The number of people in shelters, temporary housing, and unsheltered settings across the United States set a new record this year, "largely due to a sharp rise in the number of people who became homeless for the first time."
That's a key takeaway from an annual report released Friday by the U.S. Department of Housing and Urban Development (HUD).
On a single night in January 2023, "roughly 653,100 people—or about 20 of every 10,000 people in the United States—were experiencing homelessness," with about 60% in shelters and the remaining 40% unsheltered, according to HUD. That's a 12% increase from 2022 and the highest number of unhoused people since reporting began in 2007.

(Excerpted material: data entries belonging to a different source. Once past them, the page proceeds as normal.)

Lemma fwd_diff_across_jump N : (k.+1 < N)%N -> Jm != Jp ->
  exists c rho : R, [/\ 0 < c, 0 < rho & forall dl, 0 < dl -> dl *+ N.+1 <= rho ->
    c * dl ^+ k.+1 <= `|fwd_diff N (F 0%N) dl (xi - dl *+ N + dl / 2)|].
Proof.
move=> kN JmJp.
have fact_gt0 : (0 : R) < (k.+1)`!%:R by rewrite ltr0n fact_gt0.
set lambda := `|Jp - Jm| / ((k.+1)`!%:R * 2 ^+ k.+1).
have lambda_gt0 : 0 < lambda.
  by rewrite divr_gt0 ?mulr_gt0 ?exprn_gt0 // normr_gt0 subr_eq0 eq_sym.
set X : R := 2 ^+ N * N%:R ^+ k.+1.
have X1_gt0 : 0 < 1 + X by rewrite ltr_wpDr // mulr_ge0 ?exprn_ge0.
(* Small enough that the Taylor errors at the nodes eat at most half of the jump term. *)
set eps := lambda / (2 * (1 + X)).
have eps_gt0 : 0 < eps by rewrite divr_gt0 // mulr_gt0.
have [rho rho_gt0 [TL TR]] := one_sided_taylor eps_gt0.
exists (lambda / 2), rho; split => //; first by rewrite divr_gt0.
move=> dl dl_gt0 dl_rho.
have [dlN_rho dl_rho'] : dl *+ N <= rho /\ dl <= rho.
  by move: dl_rho; have := mulrn_wge0 N (ltW dl_gt0); rewrite mulrSr; split; lra.
set x0 := xi - dl *+ N + dl / 2; set D := dl ^+ k.+1.
have fdE : fwd_diff N (F 0%N) dl x0 = fwd_diff N (fun x => F 0%N x - QL.[x]) dl x0.
  by rewrite fwd_diffB fwd_diff_horner ?subr0 // (leq_trans (size_taylor_poly _ _ _)).
have left_nodes i : (i < N)%N ->
    `|F 0%N (x0 + dl *+ i) - QL.[x0 + dl *+ i]| <= eps * (N%:R ^+ k.+1 * D).
  exact: taylor_left_nodes TL eps_gt0 dl_gt0 dlN_rho.
set w := (Jp - Jm) / (k.+1)`!%:R * (dl / 2) ^+ k.+1.
have right_node : `|F 0%N (x0 + dl *+ N) - QL.[x0 + dl *+ N] - w| <= eps * D.
  have -> : x0 + dl *+ N = xi + dl / 2 by rewrite /x0; lra.
  exact: taylor_right_node TR eps_gt0 dl_gt0 dl_rho'.
have B_ge0 : 0 <= eps * (N%:R ^+ k.+1 * D).
  by rewrite (mulr_ge0 (ltW eps_gt0)) // mulr_ge0 // exprn_ge0 // ltW.
have lower : `|w| - 2 ^+ N * (eps * (N%:R ^+ k.+1 * D)) - eps * D <=
    `|fwd_diff N (fun x => F 0%N x - QL.[x]) dl x0|
  := ler_fwd_diff_lower B_ge0 left_nodes right_node.
rewrite fdE; apply: le_trans lower; rewrite le_eqVlt; apply/orP; left; apply/eqP.
rewrite /w !normrM normfV (ger0_norm (ltW fact_gt0)) [`|(dl / 2) ^+ _|]ger0_norm; last first.
  by rewrite exprn_ge0 // divr_ge0 // ltW.
rewrite /eps /X /lambda expr_div_n -/D.
by field; rewrite ?expf_neq0 ?gt_eqF.
Qed.

Lemma jump_poly_approx N : (k.+1 < N)%N -> Jm != Jp ->
  exists K rho : R, 0 < rho /\ forall dd E (q : {poly R}), 0 < dd <= rho ->
    (size q <= N)%N -> (forall x, xi - dd < x < xi + dd -> `|F 0%N x - q.[x]| <= E) ->
    dd ^+ k.+1 <= K * E.
Proof.
move=> kN JmJp; have [c [rho [c_gt0 rho_gt0 across]]] := fwd_diff_across_jump kN JmJp.
exists (N.+1%:R ^+ k.+1 * 2 ^+ N / c), rho; split => // dd E q /andP[dd_gt0 dd_rho] size_q qE.
set dl := dd / N.+1%:R.
have dl_gt0 : 0 < dl by rewrite divr_gt0 ?ltr0n.
have ddE : dd = dl *+ N.+1 by rewrite -mulr_natr divfK ?pnatr_eq0.
set x0 := xi - dl *+ N + dl / 2.
have node_in i : (i <= N)%N -> xi - dd < x0 + dl *+ i < xi + dd.
  move=> iN; have := ler_wpMn2l (ltW dl_gt0) iN; have := mulrn_wge0 i (ltW dl_gt0).
  by rewrite ddE mulrSr /x0 => *; apply/andP; split; lra.
have upper : `|fwd_diff N (F 0%N) dl x0| <= 2 ^+ N * E.
  rewrite -[fwd_diff _ _ _ _]subr0 -(fwd_diff_horner dl x0 size_q) -fwd_diffB.
  by apply: ler_fwd_diff => i /node_in; apply: qE.
have cD := le_trans (across dl dl_gt0 _) upper; rewrite -ddE in cD.
rewrite ddE -mulr_natl exprMn -!mulrA ler_wpM2l ?exprn_ge0 ?ler0n //.
by rewrite mulrA mulrAC ler_pdivlMr // mulrC cD.
Qed.

End JumpDetection.

Section BreakingPoint.
Variable R : realType.

Lemma lipschitz_at_continuous (V : normedModType R) (f : R -> V) (x0 delta L : R) :
  0 < delta -> (forall x, `|x - x0| < delta -> `|f x - f x0| <= L * `|x - x0|) ->
  {for x0, continuous f}.
Proof.
move=> delta_gt0 fL; apply/cvgrPdist_le => e e_gt0.
set r := Num.min delta (e / (`|L| + 1)).
have L1_gt0 : 0 < `|L| + 1 by rewrite ltr_wpDl.
have r_gt0 : 0 < r by rewrite lt_min delta_gt0 divr_gt0.
have rL : r * (`|L| + 1) <= e by rewrite -ler_pdivlMr // ge_min lexx orbT.
apply/nbhs_ballP; exists r => // x /=; rewrite /ball /= distrC => x_r.
have x_delta : `|x - x0| < delta by move: x_r; rewrite lt_min => /andP[].
rewrite distrC; apply: le_trans (fL x x_delta) _.
apply: le_trans (ler_wpM2r (normr_ge0 _) (ler_norm L)) _.
have := normr_ge0 L; have := normr_ge0 (x - x0); nra.
Qed.

Lemma ler_norm_mx_coord m n (A : 'M[R]_(m, n)) i j : `|A i j| <= `|A|.
Proof.
rewrite [leRHS]/Num.Def.normr /= mx_normrE.
exact: le_trans (le_bigmax _ _ (i, j)).
Qed.

Lemma cvg_mx_coord m n (g : R -> 'M[R]_(m, n)) (F : set_system R) {FF : Filter F}
    (J : 'M[R]_(m, n)) i j :
  g x @[x --> F] --> J -> g x i j @[x --> F] --> J i j.
Proof.
move=> /cvgrPdist_le gJ; apply/cvgrPdist_le => e /gJ; apply: filterS => x.
by apply: le_trans; have := ler_norm_mx_coord (J - g x) i j; rewrite !mxE.
Qed.

Lemma mx_neq_coord (T : eqType) m n (A B : 'M[T]_(m, n)) :
  A != B -> exists i j, A i j != B i j.
Proof.
move=> AB; have /existsP[[i j] /= ne] : [exists ij : 'I_m * 'I_n, A ij.1 ij.2 != B ij.1 ij.2].
  apply: contraR AB => /existsPn eq_ij; apply/eqP/matrixP => i j.
  exact/eqP/negbNE/(eq_ij (i, j)).
by exists i, j.
Qed.

Lemma is_derive_mx_coord m n (M : R -> 'M[R]_(m, n)) t i j :
  derivable M t 1 -> is_derive t 1 (fun x => M x i j) (derive1 M t i j).
Proof.
move=> dM; rewrite derive1E derive_mx // mxE.
exact/derivableP/((derivable_mxP M t 1).1 dM i j).
Qed.

Lemma breaking_point_poly_approx m n (u : R -> 'M[R]_(m, n)) xi k N :
  breaking_point u xi k -> (k.+1 < N)%N ->
  exists i j (K rho : R), 0 < rho /\ forall dd E (q : {poly R}), 0 < dd <= rho ->
    (size q <= N)%N -> (forall x, xi - dd < x < xi + dd -> `|u x i j - q.[x]| <= E) ->
    dd ^+ k.+1 <= K * E.
Proof.
case=> delta [delta_gt0 [u_derive [[L uL] [uk_derive [Jm [Jp [JmJp [uJm uJp]]]]]]]] kN.
have [i [j Jij]] := mx_neq_coord JmJp.
have F_derive l t : (l <= k)%N -> `|t - xi| < delta -> t != xi ->
    is_derive t 1 (fun x => derive1n l u x i j) (derive1n l.+1 u t i j).
  rewrite leq_eqVlt => /predU1P[->|lk] t_xi txi; rewrite derive1nS.
    exact/is_derive_mx_coord/uk_derive.
  exact/is_derive_mx_coord/u_derive.
have F_cont l : (l <= k)%N -> {for xi, continuous (fun x => derive1n l u x i j)}.
  have xi_xi : `|xi - xi| < delta by rewrite subrr normr0.
  rewrite leq_eqVlt => /predU1P[->|lk].
    apply: (lipschitz_at_continuous delta_gt0 (L := L)) => x x_xi.
    have := ler_norm_mx_coord (derive1n k u x - derive1n k u xi) i j.
    by rewrite !mxE => /le_trans; apply; apply: uL.
  have [dF _] := is_derive_mx_coord i j (u_derive l xi lk xi_xi).
  exact/differentiable_continuous/derivable1_diffP/dF.
have [K [rho [rho_gt0 approx]]] := jump_poly_approx delta_gt0 F_derive F_cont
  (cvg_mx_coord (i := i) (j := j) uJm) (cvg_mx_coord (i := i) (j := j) uJp) kN Jij.
by exists i, j, K, rho.
Qed.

"We must address the main driver of homelessness and housing instability—the gap between low incomes and rent costs."
Jeff Olivet, executive director of the U.S. Interagency Council on Homelessness—the federal agency behind President Joe Biden's plan from last year to reduce homelessness 25% by 2025—toldThe Associated Press that extra assistance during the Covid-19 pandemic "held off the rise in homelessness that we are now seeing."
Research and advocacy groups responded to the HUD report by also highlighting the positive impacts of federal pandemic-era relief including emergency rental aid, a national moratorium on evictions for nonpayment, and the expanded child tax credit.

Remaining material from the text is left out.